(* Let $H$ be a finite connected graph (loops allowed) with at least one edge. Then $\hom(\mathbb{T}^r,H)$ has long range action for no positive integer $r$ if and only if $H$ is dismantlable.
   Context: $N(i)$ is the set of nodes adjacent to $i$ (containing $i$ iff $i$ is looped). If $i\neq j$ are nodes with $N(i)\subseteq N(j)$, the map sending $i$ to $j$ and fixing other nodes is a fold of $H$ onto $H\setminus\{i\}$; $H$ is dismantlable if some sequence of folds reduces it to a single node. $\mathbb{T}^r$ is the infinite connected cycle-free graph with all degrees $r+1$, with a fixed root site $x$; $\hom(\mathbb{T}^r,H)$ is the set of graph homomorphisms $\mathbb{T}^r\to H$. $\hom(\mathbb{T}^r,H)$ has long range action if there exist $\varphi\in\hom(\mathbb{T}^r,H)$ and a node $i$ of $H$ such that for every $n\ge1$, no $\psi\in\hom(\mathbb{T}^r,H)$ which agrees with $\varphi$ on all sites at distance $n$ from $x$ satisfies $\psi(x)=i$. *)

From mathcomp Require Import all_boot.
Set Implicit Arguments. Unset Strict Implicit. Unset Printing Implicit Defensive.

(* Graphs H: a finite type T of nodes with a symmetric relation e (loops allowed). *)

Definition nbhd (T : finType) (e : rel T) (A : {set T}) (i : T) : {set T} :=
  [set k in A | e i k].

Inductive dism (T : finType) (e : rel T) : {set T} -> Prop :=
| dism_single : forall A : {set T}, #|A| = 1 -> dism e A
| dism_fold : forall (A : {set T}) (i j : T),
    i \in A -> j \in A -> i != j ->
    nbhd e A i \subset nbhd e A j ->
    dism e (A :\ i) -> dism e A.

Definition dismantlable (T : finType) (e : rel T) : Prop := dism e [set: T].

(* The tree T^r: the Cayley graph of the free product of r+1 copies of Z/2,
   i.e. reduced words over 'I_(r+1) (no two consecutive letters equal);
   the root is the empty word, and s is adjacent to c :: s.  Every vertex
   has degree r+1 and the graph is connected and cycle-free. *)
Definition tree_word (r : nat) (s : seq 'I_r.+1) : bool :=
  sorted (fun a b : 'I_r.+1 => a != b) s.

Definition site (r : nat) := {s : seq 'I_r.+1 | tree_word s}.

Definition root (r : nat) : site r := exist _ [::] isT.

Definition tadj (r : nat) (u v : site r) : Prop :=
  (exists c, proj1_sig v = c :: proj1_sig u) \/
  (exists c, proj1_sig u = c :: proj1_sig v).

Definition dist_root (r : nat) (u : site r) : nat := size (proj1_sig u).

Definition is_hom (r : nat) (T : finType) (e : rel T) (phi : site r -> T) : Prop :=
  forall u v : site r, tadj u v -> e (phi u) (phi v).

Definition long_range_action (r : nat) (T : finType) (e : rel T) : Prop :=
  exists (phi : site r -> T) (i : T), is_hom e phi /\
    forall n : nat, 1 <= n ->
      ~ (exists psi : site r -> T, is_hom e psi /\
           (forall u : site r, dist_root u = n -> psi u = phi u) /\
           psi (root r) = i).

Definition connected_graph (T : finType) (e : rel T) : Prop :=
  forall x y : T, connect e x y.

From Pilot Require Import Defs.
From mathcomp Require Import all_boot zify.
From Stdlib Require Import Classical.
Set Implicit Arguments. Unset Strict Implicit.

(* If H is dismantlable, composing its folds gives maps g_0 = id, ..., g_K = const z
   with g_(t+1) x ~ g_t y whenever x ~ y; as H has an edge, z is looped, and appending
   a walk from z to i gives such maps h_0 = id, ..., h_n = const i.  For any
   homomorphism phi, the map u |-> h_(n - |u|) (phi u) on the ball of radius n is then
   a homomorphism agreeing with phi on the sphere and sending the root to i.
   If H is not dismantlable, folding as long as possible retracts H (by rho) onto an
   induced subgraph B with two or more nodes in which no N_B(i) is contained in any
   N_B(j).  With enough children per site there is a homomorphism phi into B such that
   the children of every site u take all the values in N_B(phi u).  If psi agrees with
   phi on a sphere, then rho o psi = phi inwards: at a site u, every node of N_B(phi u)
   is phi v = rho (psi v) for a child v, so N_B(phi u) is contained in
   N_B(rho (psi u)), forcing rho (psi u) = phi u.  So the root value is frozen. *)

Definition child (r : nat) (u v : site r) : Prop := exists c, sval v = c :: sval u.

Lemma cons_tree_word r (s : seq 'I_r.+1) (c1 c2 : 'I_r.+1) :
  tree_word s -> c1 != c2 -> tree_word (c1 :: s) \/ tree_word (c2 :: s).
Proof.
case: s => [|a s] ws c12; first by left.
rewrite /tree_word /= in ws *.
case: (eqVneq c1 a) => [c1a | c1a]; last by left; apply/andP.
by right; rewrite -{1}c1a eq_sym c12.
Qed.

(* Two letters of each residue are available, so one of them differs from the
   first letter of u. *)
Lemma child_with_residue r N (u : site r) k : 2 * N <= r.+1 -> k < N ->
  exists (c : 'I_r.+1) (v : site r), sval v = c :: sval u /\ c %% N = k.
Proof.
move=> rN kN.
have k1 : k < r.+1 by lia.
have k2 : k + N < r.+1 by lia.
have c12 : Ordinal k1 != Ordinal k2 by rewrite -val_eqE /=; lia.
case: (cons_tree_word (svalP u) c12) => w.
- exists (Ordinal k1), (exist (fun s => tree_word s) _ w).
  by rewrite /= modn_small.
- exists (Ordinal k2), (exist (fun s => tree_word s) _ w).
  by rewrite /= modnDr modn_small.
Qed.

Section Dismantling.
Variables (T : finType) (e : rel T).
Hypothesis e_sym : symmetric e.

Definition adjacent_on (A : {set T}) (f g : T -> T) : Prop :=
  {in A &, forall x y, e x y -> e (f x) (g y)}.

Definition fold (i j x : T) : T := if x == i then j else x.

Section FoldStep.
Variables (A : {set T}) (i j : T).
Hypotheses (jA : j \in A) (ij : i != j) (sub_ij : nbhd e A i \subset nbhd e A j).

Lemma fold_adj x y : y \in A -> e x y -> e (fold i j x) y.
Proof.
move=> yA exy; rewrite /fold; case: eqP => [xi | //]; subst x.
have /(subsetP sub_ij) : y \in nbhd e A i by rewrite inE yA exy.
by rewrite inE => /andP[].
Qed.

Lemma fold_inD x : x \in A -> fold i j x \in A :\ i.
Proof.
rewrite /fold in_setD1; case: (eqVneq x i) => [_ _ | -> //].
by rewrite eq_sym ij jA.
Qed.

Lemma fold_in x : x \in A -> fold i j x \in A.
Proof. by move/fold_inD/setD1P => []. Qed.

Lemma fold_hom : adjacent_on A (fold i j) (fold i j).
Proof.
move=> x y xA yA exy; rewrite e_sym fold_adj ?fold_in //.
by rewrite e_sym fold_adj.
Qed.

End FoldStep.

Lemma dism_contraction (A : {set T}) : dism e A ->
  exists (g : nat -> T -> T) (K : nat) (z : T),
    [/\ g 0 =1 id, forall t, adjacent_on A (g t.+1) (g t),
        forall t, adjacent_on A (g t) (g t) & {in A, forall x, g K x = z}].
Proof.
elim=> {A} [A /eqP/cards1P [a ->] |
    A i j iA jA ij sub _ [g [K [z [g0 gstep ghom gK]]]]].
  exists (fun _ x => x), 0, a.
  by split=> [// | t x y | t x y | x] //; rewrite inE => /eqP.
have foldD := fold_inD jA ij; have fold_e := fold_hom jA ij sub.
exists (fun t x => if t is s.+1 then g s (fold i j x) else x), K.+1, z.
split=> [x // | [|t] x y xA yA exy | [|t] x y xA yA exy | x xA] /=.
- by rewrite g0 (fold_adj sub).
- exact: (gstep t _ _ (foldD _ xA) (foldD _ yA) (fold_e _ _ xA yA exy)).
- by [].
- exact: (ghom t _ _ (foldD _ xA) (foldD _ yA) (fold_e _ _ xA yA exy)).
- by rewrite gK ?foldD.
Qed.

Definition contracts_to (h : nat -> T -> T) (n : nat) (i : T) : Prop :=
  [/\ h 0 =1 id, forall t, t < n -> adjacent_on setT (h t.+1) (h t)
     & forall x, h n x = i].

Lemma dismantlable_contracts_to (x0 y0 : T) : connected_graph e -> e x0 y0 ->
  dismantlable e -> forall i, exists h n, 0 < n /\ contracts_to h n i.
Proof.
move=> conn exy0 /dism_contraction [g [K [z [g0 gstep ghom gK]]]] i.
have ezz : e z z.
  by have := ghom K x0 y0 (in_setT _) (in_setT _) exy0; rewrite !gK ?in_setT.
have /connectP [p zp ip] := conn z i.
pose w := z :: z :: p.
have zzp : path e z (z :: p) by rewrite /= ezz.
have wpath s : s <= size p -> e (nth z w s.+1) (nth z w s).
  by move=> sp; rewrite e_sym; apply: (pathP z zzp).
pose h t x := if t <= K then g t x else nth z w (t - K).
have hK t x : K <= t -> h t x = nth z w (t - K).
  rewrite /h; case: (leqP t K) => // tK Kt; have -> : t = K by lia.
  by rewrite subnn gK ?in_setT.
exists h, (K + (size p).+1); split; first lia.
split=> [x | t tn x y _ _ exy | x].
- by rewrite /h leq0n g0.
- case: (ltnP t K) => tK.
    by rewrite /h tK ltnW //; apply: gstep; rewrite ?in_setT.
  rewrite !hK ?(leqW tK) // subSn //; apply: wpath; lia.
- by rewrite hK ?leq_addr // addKn ip (last_nth z).
Qed.

Lemma contracts_to_extension r (phi : site r -> T) h n i :
  is_hom e phi -> contracts_to h n i ->
  exists psi : site r -> T, is_hom e psi /\
    (forall u, dist_root u = n -> psi u = phi u) /\ psi (Defs.root r) = i.
Proof.
move=> phi_hom [h0 hstep hn].
pose psi u := if dist_root u <= n then h (n - dist_root u) (phi u) else phi u.
have psi_child u v : child u v -> e (psi u) (psi v).
  move=> [c vc]; have euv : e (phi u) (phi v) by apply: phi_hom; left; exists c.
  have dv : dist_root v = (dist_root u).+1 by rewrite /dist_root vc.
  rewrite /psi dv; case: (ltngtP (dist_root u) n) => un.
  - have -> : n - dist_root u = (n - (dist_root u).+1).+1 by lia.
    by apply: hstep; rewrite ?in_setT //; lia.
  - by [].
  - by rewrite un subnn h0.
exists psi; split; [|split].
- by move=> u v [uv | vu]; [apply: psi_child | rewrite e_sym; apply: psi_child].
- by move=> u un; rewrite /psi un leqnn subnn h0.
- by rewrite /psi /dist_root /= subn0.
Qed.

Lemma dismantlable_no_long_range_action r (x0 y0 : T) :
  connected_graph e -> e x0 y0 -> dismantlable e -> ~ long_range_action r e.
Proof.
move=> conn exy0 dis [phi [i [phi_hom no_ext]]].
have [h [n [n_gt0 hn]]] := dismantlable_contracts_to conn exy0 dis i.
exact: no_ext n n_gt0 (contracts_to_extension phi_hom hn).
Qed.

Definition retraction (B : {set T}) (rho : T -> T) : Prop :=
  [/\ forall x, rho x \in B, {in B, forall x, rho x = x}
     & forall x y, e x y -> e (rho x) (rho y)].

Definition stiff (B : {set T}) : Prop :=
  {in B &, forall i j, i != j -> ~~ (nbhd e B i \subset nbhd e B j)}.

Lemma retraction_fold (B : {set T}) rho i j : retraction B rho -> j \in B -> i != j ->
  nbhd e B i \subset nbhd e B j -> retraction (B :\ i) (fold i j \o rho).
Proof.
move=> [rhoB rho_id rho_hom] jB ij sub.
split=> [x | x /setD1P [xi xB] | x y exy] /=.
- exact: fold_inD.
- by rewrite rho_id // /fold (negbTE xi).
- exact: (fold_hom jB ij sub (rhoB x) (rhoB y) (rho_hom _ _ exy)).
Qed.

Lemma stiff_retraction (x0 : T) : ~ dismantlable e ->
  exists B rho, [/\ retraction B rho, 1 < #|B| & stiff B].
Proof.
move=> nd; suff: forall n (B : {set T}) rho,
    #|B| < n -> retraction B rho -> ~ dism e B ->
    exists B rho, [/\ retraction B rho, 1 < #|B| & stiff B].
  by move/(_ _ [set: T] id (ltnSn _)); apply; first split.
elim=> // n IH B rho Bn rhoB ndB.
case: (boolP [exists i, exists j,
    [&& i \in B, j \in B, i != j & nbhd e B i \subset nbhd e B j]]).
- case/existsP=> i /existsP [j /and4P [iB jB ij sub]].
  apply: (IH (B :\ i) (fold i j \o rho)).
  + by rewrite (cardsD1 i B) iB in Bn.
  + exact: retraction_fold.
  + by move=> dBi; apply: ndB; apply: dism_fold iB jB ij sub dBi.
- rewrite negb_exists => /forallP no_fold; exists B, rho; split=> //.
  + have B0 : 0 < #|B| by apply/card_gt0P; exists (rho x0); case: rhoB.
    rewrite ltn_neqAle B0 andbT.
    by apply/negP => /eqP B1; apply: ndB; apply: dism_single; rewrite -B1.
  + move=> i j iB jB ij; apply/negP => sub.
    by have := no_fold i; rewrite negb_exists => /forallP /(_ j); rewrite iB jB ij sub.
Qed.

Lemma stiff_neighbour (B : {set T}) : 1 < #|B| -> stiff B ->
  {in B, forall x, exists2 y, y \in B & e x y}.
Proof.
move=> /card_gt1P [a [b [aB bB ab]]] st x xB.
have [j jB xj] : exists2 j, j \in B & x != j.
  by case: (eqVneq x a) => [-> | xa]; [exists b | exists a].
have /subsetPn [y] := st x j xB jB xj.
by rewrite inE => /andP [yB exy] _; exists y.
Qed.

Lemma covering_hom r (B : {set T}) a : 2 * #|T| <= r.+1 -> a \in B ->
  {in B, forall x, exists2 y, y \in B & e x y} ->
  exists phi : site r -> T, [/\ is_hom e phi, forall u, phi u \in B &
    forall u w, w \in B -> e (phi u) w -> exists2 v, child u v & phi v = w].
Proof.
move=> rT aB nbr.
pose nb x := odflt x [pick y in B | e x y].
have nbP x : x \in B -> (nb x \in B) && e x (nb x).
  move=> xB; rewrite /nb; case: pickP => [y // | none].
  by have [y yB exy] := nbr x xB; have := none y; rewrite yB exy.
pose f x (c : 'I_r.+1) := let y := nth x (enum T) (c %% #|T|) in
  if (y \in B) && e x y then y else nb x.
have fP x c : x \in B -> (f x c \in B) && e x (f x c).
  by move=> xB; rewrite /f; case: ifP => // _; apply: nbP.
pose phi (u : site r) := foldr (fun c x => f x c) a (sval u).
have phiB u : phi u \in B.
  by rewrite /phi; elim: (sval u) => //= c s IH; case/andP: (fP _ c IH).
have phi_child u v : child u v -> e (phi u) (phi v).
  by move=> [c vc]; rewrite /phi vc /=; case/andP: (fP _ c (phiB u)).
exists phi; split=> [u v [uv | vu] | // | u w wB ew].
- exact: phi_child.
- by rewrite e_sym; apply: phi_child.
- have kT : index w (enum T) < #|T| by rewrite cardT index_mem mem_enum.
  have [c [v [vc cw]]] := child_with_residue u rT kT.
  exists v; first by exists c.
  by rewrite /phi vc /= /f /= cw nth_index ?mem_enum // wB ew.
Qed.

Lemma stiff_rigidity r (B : {set T}) rho (phi psi : site r -> T) n :
  retraction B rho -> stiff B -> (forall u, phi u \in B) ->
  (forall u w, w \in B -> e (phi u) w -> exists2 v, child u v & phi v = w) ->
  is_hom e psi -> (forall u, dist_root u = n -> psi u = phi u) ->
  rho (psi (Defs.root r)) = phi (Defs.root r).
Proof.
move=> [rhoB rho_id rho_hom] st phiB cover psi_hom agree.
suff frozen k u : dist_root u + k = n -> rho (psi u) = phi u by exact: frozen.
elim: k u => [|k IH] u du.
  by rewrite agree ?rho_id // -du addn0.
case: (eqVneq (phi u) (rho (psi u))) => [-> // | ne].
case/negP: (st _ _ (phiB u) (rhoB (psi u)) ne).
apply/subsetP => w; rewrite !inE => /andP [wB ew]; rewrite wB /=.
have [v [c vc] <-] := cover u w wB ew.
rewrite -(IH v); first by apply: rho_hom; apply: psi_hom; left; exists c.
by rewrite /dist_root vc /= addSnnS.
Qed.

Lemma stiff_long_range_action r (B : {set T}) rho : 2 * #|T| <= r.+1 ->
  retraction B rho -> 1 < #|B| -> stiff B -> long_range_action r e.
Proof.
move=> rT rhoB B1 st; have /card_gt1P [a [b [aB bB ab]]] := B1.
have [phi [phi_hom phiB cover]] := covering_hom rT aB (stiff_neighbour B1 st).
pose i := if a == phi (Defs.root r) then b else a.
have iB : i \in B by rewrite /i; case: ifP.
have i_root : i != phi (Defs.root r).
  by rewrite /i; case: (eqVneq a (phi (Defs.root r))) => [<- | //]; rewrite eq_sym.
exists phi, i; split=> // n _ [psi [psi_hom [agree psi_root]]].
move/eqP: i_root; apply.
have := stiff_rigidity rhoB st phiB cover psi_hom agree.
by rewrite psi_root; case: rhoB => _ -> .
Qed.

End Dismantling.

Theorem mainTheorem10 (T : finType) (e : rel T) :
  symmetric e ->
  connected_graph e ->
  (exists x y : T, e x y) ->
  ((forall r : nat, 0 < r -> ~ long_range_action r e) <-> dismantlable e).
Proof.
move=> e_sym conn [x0 [y0 exy0]]; split=> [no_lra | dis r _].
- apply: NNPP => nd.
  have [B [rho [rhoB B1 st]]] := stiff_retraction e_sym x0 nd.
  apply: (no_lra (2 * #|T|)) (stiff_long_range_action e_sym (leqnSn _) rhoB B1 st).
  by rewrite muln_gt0 /=; apply/card_gt0P; exists x0.
- exact: (dismantlable_no_long_range_action e_sym conn exy0 dis).
Qed.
-- -- --
Working from the records above, write out verbatim only the lines from the line containing "Lemma stiff_long_range_action r" through the line containing "by rewrite psi_root; case: rhoB => _ -> .".

## EXERCISE SOLUTION
Lemma stiff_long_range_action r (B : {set T}) rho : 2 * #|T| <= r.+1 ->
  retraction B rho -> 1 < #|B| -> stiff B -> long_range_action r e.
Proof.
move=> rT rhoB B1 st; have /card_gt1P [a [b [aB bB ab]]] := B1.
have [phi [phi_hom phiB cover]] := covering_hom rT aB (stiff_neighbour B1 st).
pose i := if a == phi (Defs.root r) then b else a.
have iB : i \in B by rewrite /i; case: ifP.
have i_root : i != phi (Defs.root r).
  by rewrite /i; case: (eqVneq a (phi (Defs.root r))) => [<- | //]; rewrite eq_sym.
exists phi, i; split=> // n _ [psi [psi_hom [agree psi_root]]].
move/eqP: i_root; apply.
have := stiff_rigidity rhoB st phiB cover psi_hom agree.
by rewrite psi_root; case: rhoB => _ -> .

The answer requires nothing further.